Edição nº 1669 - 16 de dezembro de 2020

Maria de Lurdes Gouveia Barata
UM NATAL COM LUZ DE NATAL, MAS DIFERENTE

É Natal! É Natal! É tempo de se ouvir a tradicional e batida frase. É ainda tempo de se ouvir o Natal é todos os dias, para os mais desligados da época, mas nem sempre os sentimentos evocados para a época natalícia são deduzidos pelas acções praticadas. Há muito para dizer sobre a solidariedade humana… Como diz António Gedeão em «Dia de Natal»: «Hoje é dia de ser bom. / É dia de passar a mão pelo rosto das crianças, / de falar e de ouvir com mavioso tom, / de abraçar toda a gente e de oferecer lembranças. // É dia de pensar nos outros (…). O sarcasmo, no desenvolvimento do longo poema, traduz uma antinomia entre parecer e ser, pelas atitudes humanas.
Tempo de lojas. Há muito que o Natal se pratica na fúria do consumo. Tempo de luzes. Luzes motivadoras de bons sentimentos, de emoções ligadas à beleza. Deslumbram os olhos e o coração. Apaziguam. É forte a utilização do termo luz. A LUZ torna-se metáfora ligada à esperança: a luz ao fundo do túnel – o túnel é escuro e a luz ao fundo traz a libertação. A luz sucede às trevas, torna-se arauto de optimismo. Ver a luz ao fundo do túnel é esperar a vacina tão desejada para o Covid, é esperar ter luz verde para a sua aplicação…
A mãe dá à luz o filho, o filho abre os olhos à luz, à vida. Luz e vida estão em simbiose no acto de viver, porém determinam a oposição fechar os olhos à luz, que traz a morte e o fim. Curiosamente, fechar os olhos à luz pode ser interpretado como recusa do conhecimento, não querer ver, não querer ouvir. Conjuntamente, da discussão nasce a luz arrasta a ideia de que dialogar pode esclarecer, dar luz, dar conhecimento. A insistência no acto de conhecer está ainda presente no ter umas luzes sobre determinado assunto que vem fazer a defesa de não ignorar completamente, ter algum conhecimento.
A luz entra assim em glória. O próprio Deus manifesta-se em luz. Na luz reivindica-se a vida e a felicidade, ao contrário do que acontece com as trevas. Um período de trevas envolve-se de obscuridade de compreensão, de ausência de conhecimento, de medos, prenunciando castigos, perdição, morte.

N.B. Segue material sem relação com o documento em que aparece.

(* Let $n,k$ be integers with $n\geq k+1\geq 2$. Then $E_n(as_k)=\frac{4(n-k)+5}{6}$ holds if and only if $E_n(zs_k)=\frac{2(n-k)+4}{3}$ holds.
   Context: $\mathfrak{S}_n$ is the set of permutations $w=w_1\cdots w_n$ of $\{1,\dots,n\}$. A subsequence $w_{i_1}\cdots w_{i_s}$ ($i_1<\dots<i_s$) is alternating if $w_{i_1}>w_{i_2}<w_{i_3}>\cdots$, reverse alternating if $w_{i_1}<w_{i_2}>w_{i_3}<\cdots$, and zigzagging if it is alternating or reverse alternating. It is $k$-alternating (resp. $k$-zigzagging) if it is alternating (resp. zigzagging) and $|w_{i_j}-w_{i_{j+1}}|\geq k$ for all $j$. $as_k(w)$ (resp. $zs_k(w)$) is the maximal length of a $k$-alternating (resp. $k$-zigzagging) subsequence of $w$. $E_n(as_k)=\frac1{n!}\sum_{w\in\mathfrak{S}_n}as_k(w)$ and $E_n(zs_k)=\frac1{n!}\sum_{w\in\mathfrak{S}_n}zs_k(w)$. *)

From mathcomp Require Import all_boot all_order all_algebra all_fingroup.
Set Implicit Arguments. Unset Strict Implicit. Unset Printing Implicit Defensive.
Import GRing.Theory Num.Theory.

(* A permutation s : 'S_n of {0,..,n-1} represents w = w_1...w_n with
   w_{i+1} = s i + 1 (values in {1,..,n}). *)
Definition wval (n : nat) (s : 'S_n) (i : 'I_n) : nat := (s i).+1.

Definition subs (n : nat) (s : 'S_n) (A : {set 'I_n}) : seq nat :=
  [seq wval s i | i <- enum A].

Definition alternating (t : seq nat) : bool :=
  [forall j : 'I_(size t),
     (j.+1 < size t) ==>
       (if odd j then nth 0 t j < nth 0 t j.+1 else nth 0 t j > nth 0 t j.+1)].

Definition rev_alternating (t : seq nat) : bool :=
  [forall j : 'I_(size t),
     (j.+1 < size t) ==>
       (if odd j then nth 0 t j > nth 0 t j.+1 else nth 0 t j < nth 0 t j.+1)].

Definition zigzagging (t : seq nat) : bool := alternating t || rev_alternating t.

(* |a - b| on nat (truncated subtractions, one of them is 0) *)
Definition absdiff (a b : nat) : nat := (a - b) + (b - a).

Definition gaps_ge (k : nat) (t : seq nat) : bool :=
  [forall j : 'I_(size t),
     (j.+1 < size t) ==> (k <= absdiff (nth 0 t j) (nth 0 t j.+1))].

Definition k_alternating (k : nat) (t : seq nat) : bool :=
  alternating t && gaps_ge k t.
Definition k_zigzagging (k : nat) (t : seq nat) : bool :=
  zigzagging t && gaps_ge k t.

Definition as_k (k n : nat) (s : 'S_n) : nat :=
  \max_(A : {set 'I_n} | k_alternating k (subs s A)) #|A|.
Definition zs_k (k n : nat) (s : 'S_n) : nat :=
  \max_(A : {set 'I_n} | k_zigzagging k (subs s A)) #|A|.

Definition E_as (n k : nat) : rat :=
  ((\sum_(s : 'S_n) (as_k k s)%:R) / (n`!)%:R)%R.
Definition E_zs (n k : nat) : rat :=
  ((\sum_(s : 'S_n) (zs_k k s)%:R) / (n`!)%:R)%R.

From mathcomp Require Import all_boot all_order all_algebra all_fingroup.
From mathcomp Require Import zify ring lra.
Set Implicit Arguments. Unset Strict Implicit. Unset Printing Implicit Defensive.
Import GRing.Theory Num.Theory.

(* For a word w let a(w) and b(w) be the maximal lengths of
   k-zigzagging subsequences starting with a descent, resp. an ascent, so
   that as_k = a and zs_k = max a b.  Dropping the first letter shows
   |a - b| <= 1, and an exchange argument on the first two letters of
   optimal subsequences shows a <> b as soon as k < n; hence
   2 zs_k = a + b + 1.  Complementing the values w_i |-> n + 1 - w_i swaps
   a and b, so a and b have the same average over S_n, and therefore
   E_n(zs_k) = E_n(as_k) + 1/2.  The two equations are then equivalent. *)

Definition kstep (up : bool) (k x y : nat) : bool :=
  if up then x + k <= y else y + k <= x.

Fixpoint kzigzag (up : bool) (k : nat) (t : seq nat) : bool :=
  match t with
  | x :: ((y :: _) as t') => kstep up k x y && kzigzag (~~ up) k t'
  | _ => true
  end.

Lemma kstepNC up k x y : kstep (~~ up) k x y = kstep up k y x.
Proof. by case: up. Qed.

Lemma kzigzagP up k t :
  reflect (forall j, j.+1 < size t -> kstep (odd j (+) up) k (nth 0 t j) (nth 0 t j.+1))
          (kzigzag up k t).
Proof.
elim: t up => [|x [|y t] IH] up /=; try by constructor.
apply: (iffP andP) => [[hxy /IH ht] [|j] hj | h] //=.
- by rewrite addNb -addbN; apply: ht.
- split; first exact: (h 0).
  by apply/IH => j hj; rewrite addbN -addNb; apply: (h j.+1).
Qed.

Lemma kzigzag_compl N up k t : all (fun v => v <= N) t ->
  kzigzag up k [seq N - v | v <- t] = kzigzag (~~ up) k t.
Proof.
elim: t up => [|x [|y t] IH] up //= /and3P [hx hy ht].
have := IH (~~ up); rewrite /= hy ht => -> //.
by congr (_ && _); case: up => /=; lia.
Qed.

Section AlternatingAsKzigzag.

Variables (k : nat) (t : seq nat).
Hypothesis k_gt0 : 0 < k.

Lemma alternating_kzigzag up :
  (if up then rev_alternating t else alternating t) && gaps_ge k t = kzigzag up k t.
Proof.
case: up; apply/idP/kzigzagP => [/andP [/forallP ha /forallP hg] j hj | h].
1,3: have hj' : j < size t by apply: ltnW.
1,2: by move: (ha (Ordinal hj')) (hg (Ordinal hj')); rewrite /= hj /absdiff /kstep;
  case: (odd j) => /=; lia.
all: apply/andP; split; apply/forallP => j; apply/implyP => hj; move: (h j hj);
  rewrite /absdiff /kstep; case: (odd j) => /=; lia.
Qed.

Lemma k_alternating_kzigzag : k_alternating k t = kzigzag false k t.
Proof. exact: (alternating_kzigzag false). Qed.

Lemma k_zigzagging_kzigzag : k_zigzagging k t = kzigzag false k t || kzigzag true k t.
Proof.
rewrite -(alternating_kzigzag false) -(alternating_kzigzag true).
by rewrite /k_zigzagging /zigzagging andb_orl orbC.
Qed.

End AlternatingAsKzigzag.

Section LongestSubsequence.

Variable n : nat.
Implicit Types (w : 'I_n -> nat) (P : pred (seq nat)) (l : seq 'I_n).

Definition longest P w : nat :=
  \max_(A : {set 'I_n} | P [seq w i | i <- enum A]) #|A|.

Lemma sorted_enum_set (A : {set 'I_n}) : sorted ltn (map val (enum A)).
Proof.
rewrite -[enum _](eq_filter (mem_enum _)) -(eq_filter (mem_map val_inj _)).
by rewrite -filter_map (sorted_filter ltn_trans) // unlock val_ord_enum iota_ltn_sorted.
Qed.

Lemma enum_set_sorted l : sorted ltn (map val l) -> enum [set i in l] = l.
Proof.
move=> hl; apply: (inj_map val_inj).
apply: (irr_sorted_eq ltn_trans ltnn) => //; first exact: sorted_enum_set.
by move=> y; apply/mapP/mapP => -[x hx ->]; exists x => //; move: hx; rewrite mem_enum inE.
Qed.

Lemma longest_ub P w l :
  sorted ltn (map val l) -> P (map w l) -> size l <= longest P w.
Proof.
move=> hl hP; rewrite -(enum_set_sorted hl) -cardE.
by apply: leq_bigmax_cond; rewrite enum_set_sorted.
Qed.

Lemma longest_witness P w : P [::] ->
  exists l, [/\ sorted ltn (map val l), P (map w l) & size l = longest P w].
Proof.
move=> P0; have P_set0 : P [seq w i | i <- enum set0] by rewrite enum_set0.
rewrite /longest (bigmax_eq_arg _ P_set0); case: arg_maxnP => //= A hA _.
by exists (enum A); rewrite -cardE; split=> //; apply: sorted_enum_set.
Qed.

Lemma longest_predU P Q w :
  longest (predU P Q) w = maxn (longest P w) (longest Q w).
Proof.
apply/eqP; rewrite eqn_leq geq_max; apply/and3P; split.
- apply/bigmax_leqP => A /orP [hA|hA]; rewrite leq_max; apply/orP; [left|right];
    exact: leq_bigmax_cond.
- by apply/bigmax_leqP => A hA; apply: leq_bigmax_cond; rewrite /= hA.
- by apply/bigmax_leqP => A hA; apply: leq_bigmax_cond; rewrite /= hA orbT.
Qed.

Lemma eq_longest P w w' : w =1 w' -> longest P w = longest P w'.
Proof. by move=> eq_w; apply: eq_bigl => A; rewrite /= (eq_map eq_w). Qed.

Lemma longest_kzigzag_compl N up k w : (forall i, w i <= N) ->
  longest (kzigzag up k) (fun i => N - w i) = longest (kzigzag (~~ up) k) w.
Proof.
move=> wN; apply: eq_bigl => A; rewrite /= (map_comp (fun v => N - v)) kzigzag_compl //.
by apply/allP => _ /mapP [i _ ->].
Qed.

Section Kzigzag.

Variables (k : nat) (w : 'I_n -> nat).
Hypothesis k_gt0 : 0 < k.

Local Notation a up := (longest (kzigzag up k) w).

Definition kzigzag_at up l : bool :=
  sorted ltn (map val l) && kzigzag up k (map w l).

Lemma kzigzag_at_ub up l : kzigzag_at up l -> size l <= a up.
Proof. by case/andP; apply: longest_ub. Qed.

Lemma kzigzag_at_witness up : exists2 l, kzigzag_at up l & size l = a up.
Proof.
have [l [hl hz <-]] := @longest_witness (kzigzag up k) w isT.
by exists l => //; apply/andP.
Qed.

Lemma kzigzag_at_cons2 up i p l : kzigzag_at up [:: i, p & l] =
  [&& i < p, kstep up k (w i) (w p) & kzigzag_at (~~ up) (p :: l)].
Proof.
by rewrite /kzigzag_at /=; case: (i < p); case: (kstep _ _ _ _); case: (path _ _ _).
Qed.

Lemma kzigzag_at_behead up p l : kzigzag_at up (p :: l) -> kzigzag_at (~~ up) l.
Proof. by case: l => [|q l] //; rewrite kzigzag_at_cons2 => /and3P []. Qed.

Lemma kzigzag_at_cross up p q l l' :
  kzigzag_at up (p :: l) -> kzigzag_at (~~ up) (q :: l') -> kstep up k (w p) (w q) ->
  kzigzag_at up [:: p, q & l'] \/ kzigzag_at (~~ up) [:: q, p & l].
Proof.
move=> hp hq step_pq; rewrite !kzigzag_at_cons2 negbK kstepNC step_pq hp hq !andbT.
case: (ltngtP p q) => [|_|eq_pq]; [by left | by right|].
by move: step_pq; rewrite (val_inj eq_pq) /kstep; case: (up) => /=; lia.
Qed.

(* Exchange argument: the first two letters of optimal descent-first and
   ascent-first subsequences can always be recombined into a longer one. *)
Lemma kzigzag_at_exchange la lb :
  kzigzag_at false la -> kzigzag_at true lb -> 2 <= size la -> 2 <= size lb ->
  size la < a true \/ size lb < a false.
Proof.
case: la lb => [|pa1 [|pa2 ta]] // [|pb1 [|pb2 tb]] // ha hb _ _.
have [step_ab | step_ba] := leqP (w pb1 + k) (w pa1).
  have [] := kzigzag_at_cross ha hb step_ab => /kzigzag_at_ub; [right | left] => //.
move: ha hb; rewrite !kzigzag_at_cons2 => /and3P [lt_a1 step_a ha] /and3P [lt_b1 step_b hb].
have step_a2b2 : kstep true k (w pa2) (w pb2) by move: step_a step_b; rewrite /kstep; lia.
have [] := kzigzag_at_cross ha hb step_a2b2 => [h2 | h2].
- right; apply: (@kzigzag_at_ub false [:: pa1, pa2, pb2 & tb]).
  by rewrite kzigzag_at_cons2 lt_a1 step_a.
- left; apply: (@kzigzag_at_ub true [:: pb1, pb2, pa2 & ta]).
  by rewrite kzigzag_at_cons2 lt_b1 step_b.
Qed.

Lemma longest_kzigzag_le_succ up : a up <= (a (~~ up)).+1.
Proof.
have [[|p l] hl <-] := kzigzag_at_witness up => //.
exact: (kzigzag_at_ub (kzigzag_at_behead hl)).
Qed.

Lemma longest_kzigzag_neq : 2 <= maxn (a false) (a true) -> a false != a true.
Proof.
move=> a_ge2; apply/eqP => eq_a; rewrite -eq_a maxnn in a_ge2.
have [la hla sa] := kzigzag_at_witness false.
have [lb hlb sb] := kzigzag_at_witness true.
by have [] := kzigzag_at_exchange hla hlb; rewrite ?sa ?sb -?eq_a ?ltnn.
Qed.

Lemma longest_kzigzag_ge2 i j : w i + k <= w j -> 2 <= maxn (a false) (a true).
Proof.
move=> step_ij; rewrite leq_max.
case: (ltngtP i j) => [lt_ij | lt_ji | eq_ij]; last by move: step_ij; rewrite (val_inj eq_ij); lia.
- by apply/orP; right; apply: (@kzigzag_at_ub true [:: i; j]); rewrite /kzigzag_at /= lt_ij /kstep step_ij.
- by apply/orP; left; apply: (@kzigzag_at_ub false [:: j; i]); rewrite /kzigzag_at /= lt_ji /kstep step_ij.
Qed.

Lemma double_maxn_longest_kzigzag :
  2 <= maxn (a false) (a true) -> (maxn (a false) (a true)).*2 = (a false + a true).+1.
Proof.
move=> /longest_kzigzag_neq /eqP neq_a.
move: (longest_kzigzag_le_succ false) (longest_kzigzag_le_succ true) => /= le_ab le_ba.
by rewrite /maxn; case: ltnP => /=; lia.
Qed.

End Kzigzag.

End LongestSubsequence.

Section Permutations.

Variables (n k : nat).
Hypotheses (k_gt0 : 0 < k) (k_lt_n : k < n).

Local Notation a up s := (longest (kzigzag up k) (wval (s : 'S_n))).

Lemma as_k_longest s : as_k k s = a false s.
Proof. by apply: eq_bigl => A; rewrite k_alternating_kzigzag. Qed.

Lemma zs_k_longest s : zs_k k s = maxn (a false s) (a true s).
Proof. by rewrite -longest_predU; apply: eq_bigl => A; rewrite /= k_zigzagging_kzigzag. Qed.

Lemma longest_kzigzag_perm_ge2 s : 2 <= maxn (a false s) (a true s).
Proof.
have lt0n : 0 < n by apply: leq_ltn_trans k_lt_n.
apply: (@longest_kzigzag_ge2 _ _ _ k_gt0 (s^-1 (Ordinal lt0n))%g (s^-1 (Ordinal k_lt_n))%g).
by rewrite /wval !permKV.
Qed.

Lemma sum_longest_kzigzag_compl up : \sum_(s : 'S_n) a up s = \sum_(s : 'S_n) a (~~ up) s.
Proof.
rewrite (reindex_inj (mulIg (perm (@rev_ord_inj n)))); apply: eq_bigr => s _.
have wval_rev i : wval (s * perm (@rev_ord_inj n)) i = n.+1 - wval s i.
  by rewrite /wval permM permE /= subSn.
by rewrite (eq_longest _ wval_rev); apply: longest_kzigzag_compl => i; apply/leqW/ltn_ord.
Qed.

Lemma double_sum_zs_k :
  (\sum_(s : 'S_n) zs_k k s).*2 = (\sum_(s : 'S_n) as_k k s).*2 + n`!.
Proof.
rewrite -!addnn -card_Sn -sum1_card -!big_split /=.
rewrite (eq_bigr (fun s => as_k k s + a true s + 1)) => [|s _]; last first.
  rewrite addnn zs_k_longest double_maxn_longest_kzigzag ?longest_kzigzag_perm_ge2 //.
  by rewrite as_k_longest addn1.
rewrite !big_split /=; congr (_ + _ + _).
by rewrite sum_longest_kzigzag_compl; apply: eq_bigr => s _; rewrite as_k_longest.
Qed.

End Permutations.

Section Expectation.

Local Open Scope ring_scope.

Lemma E_zs_E_as (n k : nat) : (0 < k)%N -> (k < n)%N -> E_zs n k = E_as n k + 1 / 2.
Proof.
move=> k_gt0 k_lt_n.
have fact_neq0 : (n`!)%:R != 0 :> rat by rewrite pnatr_eq0 -lt0n fact_gt0.
have := congr1 (fun m => m%:R : rat) (double_sum_zs_k k_gt0 k_lt_n).
rewrite /E_zs /E_as /= -!muln2 natrD !natrM -!natr_sum => sum_eq.
apply: (mulIf (_ : (2%:R : rat) != 0)) => //.
by rewrite mulrDl mulrAC sum_eq mulrAC; field.
Qed.

End Expectation.

Theorem lemma1p2 (n k : nat) (hk : 1 <= k) (hn : k.+1 <= n) :
  E_as n k = ((4 * (n - k) + 5)%:R / 6%:R)%R <->
  E_zs n k = ((2 * (n - k) + 4)%:R / 3%:R)%R.
Proof. by rewrite E_zs_E_as // !natrD; split=> h; lra. Qed.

A luz associa-se ainda à força do amor, os enamorados sentem a sedução da luz do olhar recíproco, um olhar sem luz é um olhar sem vida.
Comecei pelas luzes de Natal e perdi-me em digressões sobre a luz. Mas ainda bem, porque era oportuno. Ao Natal associa-se a luz e a vida e a hipótese de renovação. É grande o encantamento pelas árvores de Natal cheias de estrelas cintilantes, fabricadas na tentativa de imitação, que piscam olhos nas montras, nas ruas, nas varandas, na intimidade dos lares e sei lá que mais…
Todavia, este Natal que continua a tradição das luzes, será um Natal diferente, com uma avaliação que projecta o receio, impedindo convívios alargados, perturbando a despreocupação e o à vontade dos ambientes de festas de família, de efusões afectivas, de conversas ciciadas com proximidade física. É um Natal para contar como história má do ano 2020, ou simplesmente esquecer… Mas em que momento futuro? Será tempo (como diz ainda o poema referido anteriormente de António Gedeão) de meditar sobre a nossa existência, tão efémera e tão séria.
Mesmo assim Natal. Mais um Natal que entretece ilusões no mais íntimo de cada um. O Natal que traz a presença do que é divino. Como diz Torga na 2ª estância do poema «Natal» (1974): «Natal da fraternidade / Solenemente jurada / Num contraponto em surdina. / A imagem da humanidade / Terrenamente nevada / Dum halo de luz divina.». Um Natal com a ameaça de guerra e mal estar com o Covid. A brevidade de mais um Natal, que um poema de António Salvado, do livro Tropos, nos deixa:

NATAL
Que nos trazes a não ser
lágrimas cada vez mais,
natal eterno a nascer
de outros natais…
Ligeira esperança que toca
os nossos olhos molhados
e o sangue da nossa boca,
amordaçados…

Ah bruxuleante luz
acenando ao longe em vão
e que a dor nos reproduz
em ilusão…
Ternura dum breve instante
que o próprio instante desterra,
morta no facto constante
de tanta guerra…

Mesmo assim Natal, repito. Mesmo assim momento de ternura. Natal com Luz, mesmo que seja de estrelas fabricadas.